Algérie : "Mal dedans" !

par Achour Wamara



Algérie : "Mal dedans" Depuis le 22 février, une date qui taquine un certain 1er novembre, s'est mise en branle une créativité lexicale sans précédent. Les slogans mêlent à la fois poésie, ironie, rage, humour caustique, et le rentre-dedans sans ménagement. Les Docteurs es-démocratie en ont pris pour leur grade. Lapidés de mots, les accrochés par leurs panses comme des koalas au pommier du pouvoir commencent à craindre pour leur or indu. Ils se portent pâles actuellement.
On peut dire que nous sommes dans une sorte d'état d'émergence de quelque chose qui s'écrit devant nos yeux, de je ne sais quoi ni avec quelle encre. Sans doute la révélation d'une culture algérienne en mouvement qui échappe aux définitions et aux limitations, car "une culture n'est pas seulement un héritage, c'est aussi un projet" (Mammeri), comme si les Algériens semaient des soleils à tout vent au risque de récolter plus tard une insolation. Après tout, "il est moins grave de perdre que de se perdre" (Gary).
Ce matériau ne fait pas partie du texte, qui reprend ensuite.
(* With the notation of the context, let $$\rho^*=\frac{\eta T}{W\left(\lambda\gamma s_0\eta^2Te^{(\nu-\frac{\eta^2}{2})T}\right)}\frac{\mu-r}{\sigma}.$$ If $\rho^*\le-1$, then $d$ is increasing on $(-1,1)$. If $\rho^*\ge1$, then $d$ is decreasing on $(-1,1)$. If $-1<\rho^*<1$, then $d$ is decreasing on $(-1,\rho^* )$ and increasing on $(\rho^*,1)$, $$d(\rho^* )=d(0)-e^{-rT}\frac{(\mu-r)^2T}{2\gamma\sigma^2},\qquad g(\rho^* )=g(0)-e^{-rT}\frac{(\mu-r)^2T}{2\gamma\sigma^2},$$ and moreover $$\inf_{\rho\in(-1,1)}p(\rho)\ge d(0)-\frac{e^{-rT}}{2\gamma}\left(\frac{\mu-r}{\sigma}\right)^2T,\qquad \inf_{\rho\in(-1,1)}V_\rho(x_0,s_0,\lambda)\ge-\frac1\gamma\exp\left(-\gamma e^{rT}(x_0+d(0))\right).$$
   Context: Fix $T>0$, $r,\nu,\mu,x_0\in\mathbb R$, $\eta>0$, $\sigma>0$, $s_0>0$, $\lambda>0$, $\gamma>0$; $N$ is a standard Gaussian random variable; $W$ is the Lambert function (inverse of $x\in(-1,\infty)\mapsto xe^x$). For $\rho\in(-1,1)$ let $\theta(\rho)=\lambda\gamma(1-\rho^2)$, $w(\rho)=W\left(s_0\eta^2Te^{(\nu-\eta\rho\frac{\mu-r}{\sigma}-\frac{\eta^2}{2})T}\theta(\rho)\right)$, $$d(\rho)=\frac{\lambda e^{-rT}}{\theta(\rho)\eta^2T}w(\rho)\left(1+\frac{w(\rho)}2\right),\qquad g(\rho)=\frac{\lambda e^{-rT}}{\theta(\rho)}\frac{w(\rho)}{\eta^2T}\left(e^{\frac{\eta^2}{2}T}+\frac{w(\rho)}2\right),$$ $$p(\rho)=-\frac{e^{-rT}}{\gamma(1-\rho^2)}\ln\mathbb E\exp\left(-\theta(\rho)s_0e^{(\nu-\eta\rho\frac{\mu-r}{\sigma}-\frac{\eta^2}{2})T}e^{\eta\sqrt TN}\right),$$ $$V_\rho(x_0,s_0,\lambda)=-\frac1\gamma\exp\left(-\gamma e^{rT}(x_0+p(\rho))-\frac{(\mu-r)^2}{2\sigma^2}T\right).$$ Here $p(\rho)$ and $V_\rho$ are the asking reservation price and the value function of an exponential-utility agent receiving $\lambda$ units of a non-traded stock ($dS=S(\nu dt+\eta dZ)$), hedging with a traded asset ($dP=P(\mu dt+\sigma dB)$) of correlation $\rho$, bond rate $r$. *)

From HB Require Import structures.
From mathcomp Require Import all_boot all_order all_algebra.
From mathcomp Require Import all_classical all_reals all_analysis.
Set Implicit Arguments. Unset Strict Implicit. Unset Printing Implicit Defensive.
Import Order.TTheory GRing.Theory Num.Theory.
Local Open Scope classical_set_scope.
Local Open Scope ring_scope.

Section Defs.
Variable R : realType.

(* Lambert W function: inverse of w in (-1, oo) |-> w e^w (defined on (-1/e, oo));
   outside its domain it returns the default 0 (never used here). *)
Definition lambertW (x : R) : R :=
  xget 0 [set w : R | -1 < w /\ w * expR w = x].

Variables (T r nu mu eta sigma s0 lambda gamma : R).

Definition mpr : R := (mu - r) / sigma.

Definition theta (rho : R) : R := lambda * gamma * (1 - rho ^+ 2).

Definition drift (rho : R) : R := (nu - eta * rho * mpr - eta ^+ 2 / 2) * T.

Definition wfun (rho : R) : R :=
  lambertW (s0 * eta ^+ 2 * T * expR (drift rho) * theta rho).

Definition dfun (rho : R) : R :=
  lambda * expR (- r * T) / (theta rho * eta ^+ 2 * T) * wfun rho * (1 + wfun rho / 2).

Definition gfun (rho : R) : R :=
  lambda * expR (- r * T) / theta rho * (wfun rho / (eta ^+ 2 * T))
    * (expR (eta ^+ 2 / 2 * T) + wfun rho / 2).

Definition expect_term (rho : R) : R :=
  fine (\int[normal_prob 0 1]_x
          (expR (- (theta rho * s0 * expR (drift rho) * expR (eta * Num.sqrt T * x))))%:E)%E.

Definition pfun (rho : R) : R :=
  - (expR (- r * T) / (gamma * (1 - rho ^+ 2))) * ln (expect_term rho).

Definition Vfun (x0 rho : R) : R :=
  - (1 / gamma) * expR (- gamma * expR (r * T) * (x0 + pfun rho) - mpr ^+ 2 / 2 * T).

Definition rhostar : R :=
  eta * T / lambertW (lambda * gamma * s0 * eta ^+ 2 * T * expR ((nu - eta ^+ 2 / 2) * T)) * mpr.

End Defs.

(* Put [W0 = W(lambda gamma s0 eta^2 T e^((nu - eta^2/2) T))], so that
   [W0 rhostar = eta T (mu - r) / sigma].  For [rho] in (-1, 1), [q = w(rho) / (1 - rho^2)] is
   the unique positive root of [q e^(q (1 - rho^2) + W0 rhostar rho) = W0 e^W0], and [d(rho)] is
   a positive multiple of [q + q^2 (1 - rho^2) / 2].  This quantity is the maximum over [c > 0]
   of a concave function of [c] depending on [rho]; evaluating it at the maximizer belonging to
   another point gives a tangent inequality between any two values of [rho], from which the
   monotonicity on each side of [rhostar] follows.  Both [0] and [rhostar] have root [W0], which
   gives the values at [rhostar] and the global minimum of [d].  Finally [d <= p]: the bound
   [e^x >= 1 + x] reduces the Laplace transform of the lognormal variable in [p] to an explicit
   Gaussian exponential moment. *)

From HB Require Import structures.
From mathcomp Require Import all_boot all_order all_algebra.
From mathcomp Require Import all_classical all_reals all_analysis.
From mathcomp Require Import ring lra measurable_realfun.
Import Order.TTheory GRing.Theory Num.Theory.
Import numFieldTopology.Exports numFieldNormedType.Exports.
Set Implicit Arguments.
Unset Strict Implicit.
Unset Printing Implicit Defensive.
Local Open Scope ring_scope.

Section lambertW.
Variable R : realType.

Lemma lambertW_spec (x : R) : 0 < x ->
  0 < lambertW x /\ lambertW x * expR (lambertW x) = x.
Proof.
move=> x_gt0.
have [w w_ge0 wE] : exists2 w, w \in `[0, x] & w * expR w = x.
  apply: IVT; first exact: ltW.
    have xexpR_cont : continuous (fun t : R => t * expR t).
      by move=> t; apply: continuousM; [exact: cvg_id | exact: continuous_expR].
    exact: continuous_subspaceT.
  rewrite mul0r ge_min le_max (ltW x_gt0) ler_peMr ?(ltW x_gt0) ?orbT //.
  by have := expR_ge1Dx x; lra.
have [W_gtN1 WE] : -1 < lambertW x /\ lambertW x * expR (lambertW x) = x.
  apply: (xgetPex 0 (P := [set w : R | -1 < w /\ w * expR w = x])).
  by exists w; split=> //; move: w_ge0; rewrite in_itv /=; lra.
split=> //.
by move: x_gt0; rewrite -{1}WE pmulr_lgt0 ?expR_gt0.
Qed.

Lemma ler_mul_expRM (y : R) : 0 <= y ->
  {in Num.pos &, {mono (fun q => q * expR (q * y)) : q1 q2 / q1 <= q2}}.
Proof.
move=> y_ge0; apply: le_mono_in => q1 q2; rewrite !posrE => q1_gt0 q2_gt0 q12.
apply: (@lt_le_trans _ _ (q2 * expR (q1 * y))); first by rewrite ltr_pM2r ?expR_gt0.
by rewrite ler_pM2l // ler_expR ler_wpM2r // ltW.
Qed.

End lambertW.

Definition profile {R : realType} (rho q : R) : R := q + q ^+ 2 * (1 - rho ^+ 2) / 2.

Definition profile_root {R : realType} (W0 rs rho q : R) : Prop :=
  0 < q /\ q * expR (q * (1 - rho ^+ 2) + W0 * rs * rho) = W0 * expR W0.

Section profile.
Variables (R : realType) (W0 : R).
Hypothesis W0_gt0 : 0 < W0.
Implicit Types rs rho a b q qa qb : R.

Lemma profile_root_opp rs rho q :
  profile_root W0 rs rho q -> profile_root W0 (- rs) (- rho) q.
Proof. by rewrite /profile_root sqrrN !mulrN mulNr opprK. Qed.

Lemma profile_root0 rs : profile_root W0 rs 0 W0.
Proof. by split=> //; congr (_ * expR _); ring. Qed.

Lemma profile_root_rs rs : profile_root W0 rs rs W0.
Proof. by split=> //; congr (_ * expR _); ring. Qed.

Lemma profile_root_unique rs rho q1 q2 : 0 <= 1 - rho ^+ 2 ->
  profile_root W0 rs rho q1 -> profile_root W0 rs rho q2 -> q1 = q2.
Proof.
move=> y_ge0 [q1_gt0 E1] [q2_gt0 E2].
have := inc_inj_in (ler_mul_expRM y_ge0); apply; rewrite ?posrE //=.
apply: (mulIf (lt0r_neq0 (expR_gt0 (W0 * rs * rho)))).
by move: E1 E2; rewrite !expRD !mulrA => -> ->.
Qed.

(* [q_b] maximizes [c |-> c (1 + W0 + ln W0 - W0 rs b - ln c) - c^2 (1 - b^2) / 2],
   with maximum [profile b q_b]; the left-hand side is its value at [c = q_a]. *)
Lemma profile_tangent rs a b qa qb : 0 <= 1 - b ^+ 2 ->
  profile_root W0 rs a qa -> profile_root W0 rs b qb ->
  profile a qa + qa * (b - a) * (qa * (a + b) / 2 - W0 * rs) <= profile b qb.
Proof.
move=> yb_ge0 [qa_gt0 Ea] [qb_gt0 Eb].
set Xa := qa * (1 - a ^+ 2) + W0 * rs * a in Ea.
set Xb := qb * (1 - b ^+ 2) + W0 * rs * b in Eb.
have qbE : qb = qa * expR (Xa - Xb).
  apply: (mulIf (lt0r_neq0 (expR_gt0 Xb))).
  by rewrite Eb -mulrA -expRD subrK Ea.
have lin : qa * (1 + (Xa - Xb)) <= qb.
  by rewrite [leRHS]qbE ler_pM2l // expR_ge1Dx.
have sq : 0 <= (qb - qa) ^+ 2 * (1 - b ^+ 2) by rewrite mulr_ge0 ?sqr_ge0.
have -> : profile b qb = profile a qa + qa * (b - a) * (qa * (a + b) / 2 - W0 * rs)
    + (qb - qa * (1 + (Xa - Xb))) + (qb - qa) ^+ 2 * (1 - b ^+ 2) / 2.
  by rewrite /profile /Xa /Xb; field.
lra.
Qed.

Lemma profile_ge_rs rs b qb : 0 <= 1 - b ^+ 2 ->
  profile_root W0 rs b qb -> profile rs W0 <= profile b qb.
Proof.
move=> yb_ge0 rb; have := profile_tangent yb_ge0 (profile_root_rs rs) rb.
have -> : W0 * (b - rs) * (W0 * (rs + b) / 2 - W0 * rs) = (W0 * (b - rs)) ^+ 2 / 2 by field.
by have := sqr_ge0 (W0 * (b - rs)); lra.
Qed.

Lemma profile_root_sign rs a qa : -1 < a -> a < 1 ->
  profile_root W0 rs a qa -> rs <= a -> W0 * rs <= a * qa.
Proof.
move=> a_gtN1 a_lt1 [qa_gt0 Ea] rs_le_a.
have ya_ge0 : 0 <= 1 - a ^+ 2 by nra.
have W0_pos : W0 \in Num.pos by rewrite posrE.
have qa_pos : qa \in Num.pos by rewrite posrE.
(* [q_a] lies above or below [W0] according to the sign of [a (a - rs)]. *)
have cmp : qa * expR (qa * (1 - a ^+ 2))
    = W0 * expR (W0 * (1 - a ^+ 2)) * expR (W0 * (a * (a - rs))).
  apply: (mulIf (lt0r_neq0 (expR_gt0 (W0 * rs * a)))).
  rewrite -(mulrA qa) -expRD Ea -!(mulrA W0) -!expRD; congr (_ * expR _); ring.
have W0_a_rs : 0 <= W0 * (a - rs) by rewrite mulr_ge0 ?subr_ge0 // ltW.
have [a_ge0 | a_lt0] := leP 0 a.
- have : W0 <= qa.
    rewrite -(ler_mul_expRM ya_ge0 W0_pos qa_pos) /= cmp ler_pMr ?mulr_gt0 ?expR_gt0 //.
    by rewrite -expR0 ler_expR pmulr_rge0 //; nra.
  move=> W0_le_qa; have : 0 <= a * (qa - W0) by rewrite mulr_ge0 ?subr_ge0.
  lra.
- have : qa <= W0.
    rewrite -(ler_mul_expRM ya_ge0 qa_pos W0_pos) /= cmp ger_pMr ?mulr_gt0 ?expR_gt0 //.
    by rewrite -expR0 ler_expR pmulr_rle0 //; nra.
  move=> qa_le_W0; have : 0 <= - a * (W0 - qa) by rewrite mulr_ge0 ?subr_ge0 ?oppr_ge0 // ltW.
  lra.
Qed.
Mais le festif n'interdit pas l'interrogatif. Rêche ou en soie, la vêture dont se drapent les mots lancés aujourd'hui peut très vite s'imprégner de l'odeur d'un linceul. La langage tient de la rose et de l'épine. Ainsi du mot "dégage" (un copyright tunisien qui a débouché sur un Président, Béji Caïd Essebsi, ex-ministre du "dégagé" Ben Ali). La méfiance est Mère de la sûreté. Idem pour le mot "système" qui est aussi ferme et opaque que ce qu'il est censé désigner.
Pour m'aider d'une comparaison, je dirais que les Algériens ont mal au "système" comme on a mal aux dents. La douleur est si lancinante que seul l'arrachage peut en venir à bout. Un des slogans des dentistes l'exprime assez bien, "ni détartrage, ni plombage, système dégage". Point donc de "couronne" ! Mais rien n'est sûr quant à l'implant. Gare à la contre-façon.
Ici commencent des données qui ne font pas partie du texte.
Lemma weightC i j : weight i j = weight j i.
Proof. by rewrite /weight eq_sym; case: eqP => // _; rewrite addrC. Qed.

Lemma edgeL_sym i j : edgeL L i j = edgeL L j i.
Proof. by rewrite /edgeL eq_sym addrC. Qed.

Lemma weight_gt0 i j : edgeL L i j -> 0 < weight i j.
Proof. by rewrite /edgeL /weight => /andP[/negbTE -> ?]; rewrite oppr_gt0. Qed.

Lemma dcost_weight i j : edgeL L i j -> dcost L i j * weight i j = 2.
Proof.
move=> e; have := weight_gt0 e; rewrite /dcost /weight.
case/andP: e => /negbTE -> _; rewrite oppr_gt0 => /ltr0_neq0 ?.
by field.
Qed.

Lemma dcost_ge0 i j : edgeL L i j -> 0 <= dcost L i j.
Proof.
move=> e; have : 0 < dcost L i j * weight i j by rewrite dcost_weight.
by rewrite pmulr_lgt0 ?weight_gt0 // => /ltW.
Qed.

Lemma hf_energyE f : hf_energy L f = dirichlet f.
Proof.
rewrite /hf_energy /dirichlet.
set A := \sum_(i < n) _.
have AT : A = \sum_(i < n) \sum_(j < n | i != j) - L j i * (f i - f j) ^+ 2.
  rewrite /A (exchange_big_dep xpredT) //=; apply: eq_bigr => i _.
  apply: eq_big => [j|j _]; first by rewrite eq_sym.
  by congr (_ * _); ring.
suff -> : \sum_(i < n) \sum_(j < n) weight i j * (f i - f j) ^+ 2 = A + A.
  by field.
rewrite {2}AT /A -big_split /=; apply: eq_bigr => i _.
rewrite -big_split /= [RHS]big_mkcond /=; apply: eq_bigr => j _.
by rewrite /weight eq_sym; case: eqP => _ /=; ring.
Qed.

Lemma dirichlet_cross f h :
  \sum_(i < n) \sum_(j < n) weight i j * (f i - f j) * (h i - h j) =
  2 * \sum_(i < n) h i * laplacian f i.
Proof.
set S := \sum_(i < n) h i * laplacian f i.
have S_out : S = \sum_(i < n) \sum_(j < n) weight i j * (f i - f j) * h i.
  by apply: eq_bigr => i _; rewrite /laplacian mulr_sumr; apply: eq_bigr => j _; ring.
have S_in : S = \sum_(i < n) \sum_(j < n) - (weight i j * (f i - f j) * h j).
  rewrite S_out exchange_big /=; apply: eq_bigr => i _; apply: eq_bigr => j _.
  by rewrite weightC; ring.
rewrite mulr2n mulrDl mul1r {1}S_out S_in -big_split /=; apply: eq_bigr => i _.
by rewrite -big_split /=; apply: eq_bigr => j _; ring.
Qed.

Lemma eq_dirichlet f g : f =1 g -> dirichlet f = dirichlet g.
Proof. by move=> fg; rewrite /dirichlet; under eq_bigr do under eq_bigr do rewrite !fg. Qed.

Lemma dirichletD f h t :
  dirichlet (fun i => f i + t * h i) =
  dirichlet f + t * (2 * \sum_(i < n) h i * laplacian f i) + t ^+ 2 * dirichlet h.
Proof.
rewrite /dirichlet -dirichlet_cross.
have -> : \sum_(i < n) \sum_(j < n) weight i j * (f i + t * h i - (f j + t * h j)) ^+ 2 =
  \sum_(i < n) \sum_(j < n) weight i j * (f i - f j) ^+ 2
  + 2 * t * \sum_(i < n) \sum_(j < n) weight i j * (f i - f j) * (h i - h j)
  + t ^+ 2 * \sum_(i < n) \sum_(j < n) weight i j * (h i - h j) ^+ 2.
  rewrite !mulr_sumr -!big_split /=; apply: eq_bigr => i _.
  by rewrite !mulr_sumr -!big_split /=; apply: eq_bigr => j _; ring.
by field.
Qed.

Hypothesis L_offdiag_le0 : forall i j : 'I_n, i != j -> L i j <= 0.

Lemma weight_ge0 i j : 0 <= weight i j.
Proof.
rewrite /weight; case: eqP => // /eqP ij; rewrite oppr_ge0.
have ji : j != i by rewrite eq_sym.
by have := L_offdiag_le0 ij; have := L_offdiag_le0 ji; lra.
Qed.

Lemma weight_eq0 i j : ~~ edgeL L i j -> weight i j = 0.
Proof.
move=> ne; apply/eqP; rewrite eq_le weight_ge0 andbT.
by move: ne; rewrite /edgeL /weight negb_and negbK; case: eqP => //= _; rewrite -leNgt lerNl oppr0.
Qed.

Lemma dirichlet_ge0 f : 0 <= dirichlet f.
Proof.
rewrite /dirichlet mulr_ge0 ?invr_ge0 ?ler0n //.
by do 2!apply: sumr_ge0 => ? _; rewrite mulr_ge0 ?weight_ge0 ?sqr_ge0.
Qed.

End Laplacian.

Section DirichletProblem.
Variables (R : realFieldType) (n nl : nat) (L : 'M[R]_n).
Hypothesis L_offdiag_le0 : forall i j : 'I_n, i != j -> L i j <= 0.
Hypothesis L_connected : forall i j : 'I_n, connect (edgeL L) i j.
Hypothesis nl_gt0 : (0 < nl)%N.
Hypothesis nl_lt_n : (nl < n)%N.

Lemma harmonic_eq0 (V : 'I_n -> R) :
  (forall i : 'I_n, (i < nl)%N -> V i = 0) ->
  (forall k : 'I_n, (nl <= k)%N -> laplacian L V k = 0) ->
  forall i, V i = 0.
Proof.
move=> V_lab V_harm.
have pairing0 : \sum_(i < n) V i * laplacian L V i = 0.
  apply: big1 => i _; case: (ltnP i nl) => hi; first by rewrite V_lab ?mul0r.
  by rewrite V_harm ?mulr0.
have := dirichlet_cross L V V; rewrite pairing0 mulr0 => energy0.
have term_ge0 i j : 0 <= weight L i j * (V i - V j) * (V i - V j).
  by rewrite -mulrA mulr_ge0 ?weight_ge0 // -expr2 sqr_ge0.
have V_edge i j : edgeL L i j -> V i = V j.
  move=> e; have row0 := psumr_eq0P (fun i _ => sumr_ge0 _ (fun j _ => term_ge0 i j)) energy0.
  move: (psumr_eq0P (fun j _ => term_ge0 i j) (row0 i isT) (i := j) isT).
  rewrite -mulrA => /eqP; rewrite mulf_eq0 (negbTE (lt0r_neq0 (weight_gt0 e))).
  by rewrite /= mulf_eq0 orbb subr_eq0 => /eqP.
pose i0 : 'I_n := Ordinal (ltn_trans nl_gt0 nl_lt_n).
move=> i; have /connectP[q pq ->] := L_connected i0 i; rewrite -(V_lab i0) //.
elim: q i0 pq => [|y q IH] x //= /andP[exy pq].
by rewrite (V_edge _ _ exy); apply: IH.
Qed.

Definition dirichlet_mx : 'M[R]_n :=
  \matrix_(j, i) if (i < nl)%N then (j == i)%:R
                 else (j == i)%:R * \sum_(l < n) weight L i l - weight L i j.

Lemma dirichlet_mxE (V : 'rV[R]_n) i :
  (V *m dirichlet_mx) 0 i = if (i < nl)%N then V 0 i else laplacian L (V 0) i.
Proof.
rewrite mxE; case: ifP => hi.
  by under eq_bigr do rewrite mxE hi; rewrite sum_mul_indicator.
under eq_bigr do rewrite mxE hi mulrBr mulrA.
rewrite sumrB -mulr_suml sum_mul_indicator /laplacian mulr_sumr -sumrB.
by apply: eq_bigr => j _; rewrite weightC; ring.
Qed.

Lemma dirichlet_mx_unit : dirichlet_mx \in unitmx.
Proof.
rewrite -row_free_unit -kermx_eq0; apply/eqP/row_matrixP => r; rewrite row0.
have : row r (kermx dirichlet_mx) *m dirichlet_mx = 0 by apply/sub_kermxP/row_sub.
set V := row r _ => V_ker.
suff V0 i : V 0 i = 0 by apply/rowP => i; rewrite V0 mxE.
apply: harmonic_eq0 => [j hj|k hk].
  by have := dirichlet_mxE V j; rewrite V_ker hj mxE.
by have := dirichlet_mxE V k; rewrite V_ker mxE ltnNge hk.
Qed.

Lemma dirichlet_problem_solvable (a c : 'I_n -> R) : exists V : 'I_n -> R,
  (forall i : 'I_n, (i < nl)%N -> V i = a i) /\
  (forall k : 'I_n, (nl <= k)%N -> laplacian L V k = c k).
Proof.
pose b : 'rV[R]_n := \row_i if (i < nl)%N then a i else c i.
pose V := b *m invmx dirichlet_mx.
have VE i : (V *m dirichlet_mx) 0 i = b 0 i.
  by rewrite /V -mulmxA mulVmx ?dirichlet_mx_unit // mulmx1.
exists (V 0); split => [i hi|k hk].
  by have := VE i; rewrite dirichlet_mxE [b 0 i]mxE hi.
by have := VE k; rewrite dirichlet_mxE [b 0 k]mxE ltnNge hk.
Qed.

End DirichletProblem.

Section Flows.
Variables (R : realFieldType) (n : nat) (L : 'M[R]_n) (o : rel 'I_n).

Definition potential_flow (phi : 'I_n -> R) (i j : 'I_n) : R :=
  weight L i j * (phi i - phi j) / 2.

Definition flow_energy (x : 'I_n -> 'I_n -> R) : R :=
  2^-1 * \sum_(i < n) \sum_(j < n | o i j) dcost L i j * x i j ^+ 2.

Definition flow_pairing (x y : 'I_n -> 'I_n -> R) : R :=
  \sum_(i < n) \sum_(j < n | o i j) dcost L i j * x i j * y i j.

Lemma incidD (x y : 'I_n -> 'I_n -> R) t k :
  incid o (fun i j => x i j + t * y i j) k = incid o x k + t * incid o y k.
Proof. by rewrite /incid !big_split /= -!mulr_sumr; ring. Qed.

Lemma sum_incid_mul (x : 'I_n -> 'I_n -> R) (g : 'I_n -> R) :
  \sum_(k < n) incid o x k * g k =
  \sum_(i < n) \sum_(j < n | o i j) x i j * (g i - g j).
Proof.
under eq_bigr do rewrite /incid mulrBl !mulr_suml.
rewrite sumrB [X in _ - X](exchange_big_dep xpredT) //= -sumrB.
by apply: eq_bigr => i _; rewrite -sumrB; apply: eq_bigr => j _; rewrite mulrBr.
Qed.

Lemma flow_cost0E x : flow_cost L o 0 x = flow_energy x.
Proof.
by rewrite /flow_cost /flow_energy; under eq_bigr do under eq_bigr do
  rewrite mul0r addr0.
Qed.

Lemma flow_pairingC x y : flow_pairing x y = flow_pairing y x.
Proof. by apply: eq_bigr => i _; apply: eq_bigr => j _; ring. Qed.

Lemma eq_flow_energy x y : x =2 y -> flow_energy x = flow_energy y.
Proof. by move=> xy; rewrite /flow_energy; under eq_bigr do under eq_bigr do rewrite xy. Qed.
Il manque au mot "système" un qualificatif qui briserait sa coquille pour révéler les rouages de son moteur polluant. Puisqu'il faut appeler un chat un chat, le régime algérien relève du "système colonial" de par ses méthodes d'oppression et de domination : par la force (l'armée et ses relais), par l'accaparement des richesses au profit d'une caste (colons intérieurs), par le déni de citoyenneté (élections truquées), etc.
Des systèmes coloniaux, nous en avons connu un, des plus terribles. Nous savons maintenant que l'Histoire fait ses courses au magasin des imitations.
Comparaison n'est pas raison, je vous le concède. Comme on compare avec des mots, on doit s'en méfier comme d'une peste. Les mots sont enclins à de mauvaises fréquentations. Il demeure qu'avec le temps, leurs champs sémantiques agrègent d'autres notions comme un aimant une poignée de clous rouillés. Bref, ils s'en enrichissent et se redéfinissent en ployant sous les enjeux de la "situation".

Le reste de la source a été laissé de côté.